# New To Us 2004 21Rs



## Jeff D (Sep 13, 2011)

Picked up my first TT almost two weeks ago. We were thinking about a pop-up but decided to skip that baby step up from a tent. The family we purchased it from took it out on one last trip to the beach and before heading home, dropped it off in our driveway. We took the interior down to parade rest, scoured every inch and made many improvements; all new blinds / curtains / bedding, 22" Samsung 1080p (custom built aluminum frame to attach the articulating mount in the existing TV shelf), a Blu-ray player, and even some framed photo enlargements from our summer trip to Oregon. We get new awning fabric in a couple days.

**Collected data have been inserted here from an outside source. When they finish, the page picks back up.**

(* Let $\mathcal{P}=\langle P,\le\rangle$ be a finite bounded poset with $|P|\ge 2$. Then there exists $n\in\mathbb{N}$ such that $(R^+)^n(\mathcal{P})$ is a chain.
   Context: A poset is bounded if it has a least and a greatest element. The height $H$ of a finite poset is the number of elements in its largest chain. For $a\in P$, $\uparrow a=\{b:b\ge a\}$, $\downarrow a=\{b:b\le a\}$ as subposets; the standard interval rank is $R^+(a)=[H(\uparrow a)-1,\;H(\mathcal{P})-H(\downarrow a)]$. Weak order: $[x_*,x^*]\le_W[y_*,y^*]$ iff $x_*\le y_*$ and $x^*\le y^*$. The interval rank poset $R^+(\mathcal{P})$ is the set $\{R^+(a):a\in P\}$ ordered by $\ge_W$ (it is again a finite bounded poset); $(R^+)^n$ denotes the $n$-fold iteration of this construction. *)

From mathcomp Require Import all_boot.
Set Implicit Arguments. Unset Strict Implicit. Unset Printing Implicit Defensive.

Record finPoset := FinPoset {
  carrier :> finType;
  ple : rel carrier;
  ple_refl : reflexive ple;
  ple_anti : antisymmetric ple;
  ple_trans : transitive ple }.

Section Defs.
Variable P : finPoset.

Definition is_chain_set (C : {set P}) : bool :=
  [forall x in C, forall y in C, ple x y || ple y x].

Definition height (A : {set P}) : nat :=
  \max_(C : {set P} | (C \subset A) && is_chain_set C) #|C|.

Definition up (a : P) : {set P} := [set b | ple a b].
Definition down (a : P) : {set P} := [set b | ple b a].

(* Standard interval rank R^+(a) = [H(up a) - 1, H(P) - H(down a)]. *)
Definition rank_plus (a : P) : nat * nat :=
  ((height (up a)).-1, height [set: P] - height (down a)).

Definition bounded : Prop :=
  (exists bot : P, forall x : P, ple bot x) /\ (exists top : P, forall x : P, ple x top).

Definition is_chain : Prop := forall x y : P, ple x y || ple y x.

Definition RP_carrier : finType :=
  seq_sub (undup [seq rank_plus a | a <- enum P]).

(* Ordered by >=_W (reverse of the weak order). *)
Definition RP_le : rel RP_carrier :=
  fun x y => ((ssval y).1 <= (ssval x).1) && ((ssval y).2 <= (ssval x).2).

Lemma RP_le_refl : reflexive RP_le.
Proof. by move=> x; rewrite /RP_le !leqnn. Qed.

Lemma RP_le_anti : antisymmetric RP_le.
Proof.
move=> x y /andP[/andP[h1 h2] /andP[h3 h4]].
apply: val_inj; rewrite /= [ssval x]surjective_pairing [ssval y]surjective_pairing.
by apply/eqP; rewrite xpair_eqE !eqn_leq h1 h2 h3 h4.
Qed.

Lemma RP_le_trans : transitive RP_le.
Proof.
move=> y x z /andP[h1 h2] /andP[h3 h4]; apply/andP; split.
  exact: leq_trans h3 h1.
exact: leq_trans h4 h2.
Qed.

End Defs.

Definition Rplus (P : finPoset) : finPoset :=
  @FinPoset (RP_carrier P) (@RP_le P) (@RP_le_refl P) (@RP_le_anti P) (@RP_le_trans P).

Definition Rplus_iter (n : nat) (P : finPoset) : finPoset := iter n Rplus P.

From mathcomp Require Import all_boot.
From mathcomp Require Import zify.
Set Implicit Arguments. Unset Strict Implicit. Unset Printing Implicit Defensive.

(* The map a |-> R^+(a) is order-preserving and onto R^+(P), so every
   incomparable pair of R^+(P) lifts to an incomparable pair of P. It moreover
   collapses at least one incomparable pair of P: fix a maximum chain C and,
   among the elements c of C incomparable to some a, take one with minimal
   down-set. Then the part of C strictly below c, together with a, is a chain
   below a, whence H(down c) <= H(down a); and since C passes through c,
   H(up c) + H(down c) = H(P) + 1. Together with H(up a) - 1 <= H(P) - H(down a)
   this gives R^+(a) <=_W R^+(c). So the number of incomparable pairs strictly
   decreases along the iteration, and reaches zero. *)

Definition incomparables (Q : finPoset) : {set Q * Q} :=
  [set p : Q * Q | ~~ ple p.1 p.2 && ~~ ple p.2 p.1].

Lemma is_chain_incomparables0 (Q : finPoset) :
  #|incomparables Q| = 0 -> is_chain Q.
Proof.
move/eqP; rewrite cards_eq0 => /eqP inc0 x y.
apply/negPn/negP => nxy.
have : (x, y) \in incomparables Q by rewrite inE /= -negb_or.
by rewrite inc0 inE.
Qed.

Section Height.
Variable P : finPoset.

Lemma in_up (a b : P) : (b \in up a) = ple a b.
Proof. by rewrite inE. Qed.

Lemma in_down (a b : P) : (b \in down a) = ple b a.
Proof. by rewrite inE. Qed.

Lemma is_chain_setP (C : {set P}) :
  reflect {in C &, forall x y, ple x y || ple y x} (is_chain_set C).
Proof.
apply: (iffP forallP) => [chC x y xC yC | chC x].
  by move: (chC x); rewrite xC => /forallP/(_ y); rewrite yC.
by apply/implyP => xC; apply/forallP => y; apply/implyP; apply: chC.
Qed.

Lemma is_chain_setS (C D : {set P}) :
  D \subset C -> is_chain_set C -> is_chain_set D.
Proof.
move=> sDC /is_chain_setP chC; apply/is_chain_setP => x y xD yD.
by apply: chC; apply: (subsetP sDC).
Qed.

Lemma leq_card_height (A C : {set P}) :
  C \subset A -> is_chain_set C -> #|C| <= height A.
Proof.
move=> sCA chC.
apply: (@leq_bigmax_cond _ (fun C : {set P} => (C \subset A) && is_chain_set C)
  (fun C => #|C|)).
by rewrite sCA chC.
Qed.

Lemma height_witness (A : {set P}) :
  exists2 C : {set P}, (C \subset A) && is_chain_set C & #|C| = height A.
Proof.
pose chain_in := fun C : {set P} => (C \subset A) && is_chain_set C.
have : 0 < #|chain_in|.
  apply/card_gt0P; exists set0; rewrite unfold_in /chain_in sub0set.
  by apply/is_chain_setP => x y; rewrite inE.
case/(eq_bigmax_cond (fun C : {set P} => #|C|)) => C chainC eC.
by exists C; [move: chainC; rewrite unfold_in | rewrite /height eC].
Qed.

Lemma height_subset (A B : {set P}) : A \subset B -> height A <= height B.
Proof.
move=> sAB; apply/bigmax_leqP => C /andP[sCA chC].
by apply: leq_card_height (subset_trans sCA sAB) chC.
Qed.

(* A chain above a and a chain below a glue into a chain sharing at most a. *)
Lemma card_chains_up_down (a : P) (K1 K2 : {set P}) :
  K1 \subset up a -> K2 \subset down a -> is_chain_set K1 -> is_chain_set K2 ->
  #|K1| + #|K2| <= (height [set: P]).+1.
Proof.
move=> /subsetP s1 /subsetP s2 ch1 ch2.
have above x : x \in K1 -> ple a x by move/s1; rewrite in_up.
have below x : x \in K2 -> ple x a by move/s2; rewrite in_down.
have chU : is_chain_set (K1 :|: K2).
  apply/is_chain_setP => x y; rewrite !inE => /orP[xK|xK] /orP[yK|yK].
  - exact: (is_chain_setP _ ch1).
  - by rewrite (ple_trans (below y yK) (above x xK)) orbT.
  - by rewrite (ple_trans (below x xK) (above y yK)).
  - exact: (is_chain_setP _ ch2).
have cardI : #|K1 :&: K2| <= 1.
  rewrite -(cards1 a); apply/subset_leq_card/subsetP => x.
  rewrite !inE => /andP[/above ax /below xa].
  by apply/eqP/ple_anti; rewrite ax xa.
have := leq_card_height (subsetT (K1 :|: K2)) chU.
have := cardsUI K1 K2; lia.
Qed.

Lemma rank_plus_interval (a : P) :
  (height (up a)).-1 <= height [set: P] - height (down a).
Proof.
have [K1 /andP[s1 ch1] <-] := height_witness (up a).
have [K2 /andP[s2 ch2] <-] := height_witness (down a).
have := card_chains_up_down s1 s2 ch1 ch2; lia.
Qed.

Lemma minimal_incomparable (C : {set P}) (a c0 : P) :
  c0 \in C -> ~~ ple a c0 -> ~~ ple c0 a ->
  exists c, [/\ c \in C, ~~ ple a c, ~~ ple c a &
    {in C, forall x, ple x c -> x != c -> ple x a || ple a x}].
Proof.
move=> c0C ac0 c0a.
pose inc_a := fun c => [&& c \in C, ~~ ple a c & ~~ ple c a].
have [|c /and3P[cC ac ca] minc] := arg_minnP (fun c => #|down c|) (_ : inc_a c0).
  by rewrite /inc_a c0C ac0 c0a.
exists c; split=> // x xC xc xnc; apply/negPn/negP; rewrite negb_or => /andP[xa ax].
have : down x \proper down c.
  rewrite properE; apply/andP; split.
    by apply/subsetP => z; rewrite !in_down => zx; apply: ple_trans xc.
  apply/subsetPn; exists c; first by rewrite in_down ple_refl.
  by rewrite in_down; apply: contra xnc => cx; apply/eqP/ple_anti; rewrite xc cx.
by move/proper_card; rewrite ltnNge minc // /inc_a xC xa ax.
Qed.

Section MaximumChain.
Variable C : {set P}.
Hypothesis chainC : is_chain_set C.
Hypothesis maxC : #|C| = height [set: P].

Lemma max_chain_absorbs (z : P) :
  {in C, forall c, ple z c || ple c z} -> z \in C.
Proof.
move=> cmp; apply/negPn/negP => zC.
have chzC : is_chain_set (z |: C).
  apply/is_chain_setP => u v; rewrite !inE => /orP[/eqP->|uC] /orP[/eqP->|vC].
  - by rewrite ple_refl.
  - exact: cmp.
  - by rewrite orbC; apply: cmp.
  - exact: (is_chain_setP _ chainC).
by have := leq_card_height (subsetT _) chzC; rewrite cardsU1 zC maxC; lia.
Qed.

Lemma incomparable_to_max_chain (x y : P) : ~~ ple x y -> ~~ ple y x ->
  exists a c, [/\ c \in C, ~~ ple a c & ~~ ple c a].
Proof.
move=> nxy nyx.
case: (boolP [exists a, exists c, [&& c \in C, ~~ ple a c & ~~ ple c a]]).
  by case/existsP=> a /existsP[c /and3P[]]; exists a, c.
rewrite negb_exists => /forallP none.
have inC z : z \in C.
  apply: max_chain_absorbs => c cC.
  by move: (none z); rewrite negb_exists => /forallP/(_ c); rewrite cC /= negb_and !negbK.
by have := is_chain_setP _ chainC x y (inC x) (inC y); rewrite (negbTE nxy) (negbTE nyx).
Qed.

Lemma height_up_down_max_chain (c : P) :
  c \in C -> (height [set: P]).+1 <= height (up c) + height (down c).
Proof.
move=> cC.
have splitC : (C :&: up c) :|: (C :&: down c) = C.
  apply/setP => x; rewrite !inE.
  by case xC: (x \in C); rewrite //= (is_chain_setP _ chainC).
have meetC : (C :&: up c) :&: (C :&: down c) = [set c].
  apply/setP => x; rewrite !inE; apply/idP/idP.
    by case/andP=> /andP[_ cx] /andP[_ xc]; apply/eqP/ple_anti; rewrite xc cx.
  by move/eqP->; rewrite cC ple_refl.
have := cardsUI (C :&: up c) (C :&: down c); rewrite splitC meetC cards1 maxC.
have := leq_card_height (subsetIr C (up c)) (is_chain_setS (subsetIl _ _) chainC).
have := leq_card_height (subsetIr C (down c)) (is_chain_setS (subsetIl _ _) chainC).
lia.
Qed.

Lemma height_down_minimal_incomparable (a c : P) :
  c \in C -> ~~ ple a c -> ~~ ple c a ->
  {in C, forall x, ple x c -> x != c -> ple x a || ple a x} ->
  height (down c) <= height (down a).
Proof.
move=> cC ac ca minc.
set B := C :\: up c.
have sBa : B \subset down a.
  apply/subsetP => x; rewrite !inE => /andP[ncx xC].
  have xc : ple x c by move: (is_chain_setP _ chainC x c xC cC); rewrite (negbTE ncx) orbF.
  have xnc : x != c by apply: contraNneq ncx => ->; apply: ple_refl.
  case/orP: (minc x xC xc xnc) => // ax.
  by rewrite (ple_trans ax xc) in ac.
have chaB : is_chain_set (a |: B).
  apply/is_chain_setP => x y; rewrite !in_setU1.
  case/orP=> [/eqP->|xB] /orP[/eqP->|yB].
  - by rewrite ple_refl.
  - by move: (subsetP sBa y yB); rewrite in_down => ->; rewrite orbT.
  - by move: (subsetP sBa x xB); rewrite in_down => ->.
  - by apply: (is_chain_setP _ chainC); [move: xB | move: yB]; rewrite !inE => /andP[].
have aB : a \notin B.
  rewrite inE; apply/negP => /andP[_ aC].
  by have := is_chain_setP _ chainC a c aC cC; rewrite (negbTE ac) (negbTE ca).
have saBa : a |: B \subset down a by rewrite subUset sub1set in_down ple_refl sBa.
have := leq_card_height saBa chaB; rewrite cardsU1 aB.
have [K /andP[sK chK] <-] := height_witness (down c).
have := card_chains_up_down (subsetIr C (up c)) sK (is_chain_setS (subsetIl _ _) chainC) chK.
have := cardsID (up c) C; rewrite -/B maxC; lia.
Qed.

End MaximumChain.
End Height.

Section IntervalRank.
Variable P : finPoset.

Lemma mem_rank_plus (a : P) : rank_plus a \in undup [seq rank_plus b | b <- enum P].
Proof. by rewrite mem_undup map_f // mem_enum. Qed.

Definition rank_elt (a : P) : Rplus P := SeqSub (mem_rank_plus a).

Lemma rank_elt_surj (x : Rplus P) : exists a, rank_elt a = x.
Proof.
have := ssvalP x; rewrite mem_undup => /mapP[a _ xa].
by exists a; apply: val_inj; rewrite /= xa.
Qed.

Lemma rank_elt_mono (a b : P) : ple a b -> ple (rank_elt a) (rank_elt b).
Proof.
move=> ab; rewrite /= /RP_le /= /rank_plus /=.
have upba : height (up b) <= height (up a).
  by apply/height_subset/subsetP => x; rewrite !in_up; apply: ple_trans.
have downab : height (down a) <= height (down b).
  by apply/height_subset/subsetP => x; rewrite !in_down => xa; apply: ple_trans ab.
apply/andP; split; lia.
Qed.

Lemma rank_elt_collapses : 0 < #|incomparables P| ->
  exists a c, (a, c) \in incomparables P /\ ple (rank_elt c) (rank_elt a).
Proof.
case/card_gt0P => -[x y]; rewrite inE /= => /andP[nxy nyx].
have [C /andP[_ chainC] maxC] := height_witness [set: P].
have [a [c0 [c0C ac0 c0a]]] := incomparable_to_max_chain chainC maxC nxy nyx.
have [c [cC ac ca minc]] := minimal_incomparable c0C ac0 c0a.
exists a, c; split; first by rewrite inE /= ac ca.
have := height_down_minimal_incomparable chainC maxC cC ac ca minc.
have := height_up_down_max_chain chainC maxC cC.
have := rank_plus_interval a.
rewrite /= /RP_le /= /rank_plus /= => *; apply/andP; split; lia.
Qed.

Lemma card_incomparables_Rplus : 0 < #|incomparables P| ->
  #|incomparables (Rplus P)| < #|incomparables P|.
Proof.
case/rank_elt_collapses => a [c [inc_ac rca]].
pose F := fun p : P * P => (rank_elt p.1, rank_elt p.2).
have lift_pairs : incomparables (Rplus P) \subset F @: (incomparables P :\ (a, c)).
  apply/subsetP => -[x y].
  have [a' <-] := rank_elt_surj x; have [b' <-] := rank_elt_surj y.
  rewrite inE /= => /andP[nxy nyx].
  apply/imsetP; exists (a', b') => //.
  rewrite !inE /= (contra (@rank_elt_mono a' b') nxy) (contra (@rank_elt_mono b' a') nyx).
  apply/andP; split=> //; apply: contraNneq nyx => -[-> ->]; exact: rca.
have := subset_leq_card lift_pairs.
have := leq_imset_card F (incomparables P :\ (a, c)).
have := cardsD1 (a, c) (incomparables P); rewrite inc_ac add1n => -> imF sub.
by rewrite ltnS; apply: leq_trans sub imF.
Qed.

End IntervalRank.

Lemma Rplus_iter_chain (P : finPoset) : exists n, is_chain (Rplus_iter n P).
Proof.
have [k incP] : exists k, #|incomparables P| <= k by exists #|incomparables P|.
elim: k P incP => [|k IHk] P incP.
  by exists 0; apply/is_chain_incomparables0/eqP; rewrite -leqn0.
have [inc0 | inc_pos] := posnP #|incomparables P|.
  by exists 0; apply: is_chain_incomparables0.
have [n chn] : exists n, is_chain (Rplus_iter n (Rplus P)).
  by apply: IHk; have := card_incomparables_Rplus inc_pos; lia.
by exists n.+1; rewrite /Rplus_iter iterSr.
Qed.

Theorem proposition9 (P : finPoset) :
  bounded P -> 1 < #|P| -> exists n : nat, is_chain (Rplus_iter n P).
Proof. by move=> _ _; apply: Rplus_iter_chain. Qed.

Almost decided to take her on her maiden voyage this coming weekend...decided against it seeing as it's our 20th wedding anniversary. Might have been our last if I let the stress get to me...I'm a little nervous because I've never owned a trailer or towed anything. This is a mom and dad only weekend and the kids would have been bummed to miss out on our first trailer camping experience. We will definitely get her on the road before the end of the month.

The trailer looks great and everything works. The only thing that is concerning to me are the dump valves. I was expecting valves and instead I have two threaded rods poking out from the sealed underbelly. There are no handles. Can someone tell me what those looked like? Are these valves pretty reliable. I don't see any evidence of leaks but I would feel better if I could visually inspect those valves periodically.


----------



## john7349 (Jan 13, 2008)

WELCOME TO OUTBACKERS.COM!!!

And congrats on your 21RS. They are a very nice unit.... Sounds like you are missing the "T" handles for the Black and Grey tanks. They should screw on to the rods. On my 2008 21RS, the Black tank is on the left. Right is for the Grey tank. You should be able to get new handles at any TT dealer, or ONLINE. The valves are reliable, but just remember to use RV type Toilet Paper. It breaks down faster....


----------



## Mgonzo2u (Aug 3, 2004)

Even though you are a Broncos fan, I will congratulate you on obtaining the most popular OB model in this forum.

We love ours too and didn't even get a 7 year itch with her.


----------



## RDS (Jul 20, 2011)

We have the same model, you will love the upgrade from a tent.


----------



## Jeff D (Sep 13, 2011)

First of all, let's clarify something; I am a native San Diegan and lifelong Chargers fan. The only time I can bring myself to root for the Broncos is when they play the Raiders! I ordered two new replacement valve handles online. They were a couple bucks a piece. The other stuff I ordered set me back another $150. I didn't know that I needed the "other stuff" until I saw it. Then I realized that I couldn't live without it any longer. Holy cow there are a ton of fun things to buy for a trailer!


----------



## Mgonzo2u (Aug 3, 2004)

Jeff D said:


> First of all, let's clarify something; I am a native San Diegan and lifelong Chargers fan. The only time I can bring myself to root for the Broncos is when they play the Raiders! I ordered two new replacement valve handles online. They were a couple bucks a piece. The other stuff I ordered set me back another $150. I didn't know that I needed the "other stuff" until I saw it. Then I realized that I couldn't live without it any longer. Holy cow there are a ton of fun things to buy for a trailer!


I'm a native Orange Countian and I hate the Chargers, Raiders and 49'ers. I am a KC CHIEF fan back to 1988. Needed to have an AFC team to root for against these CA AFC teams I dislike.

But because you own an OB, I can forgive you your sickness.

Btw, I never realized the Bolts had a Bronco looking mascot in their shield. Looks like the Denver Bronco to me.


----------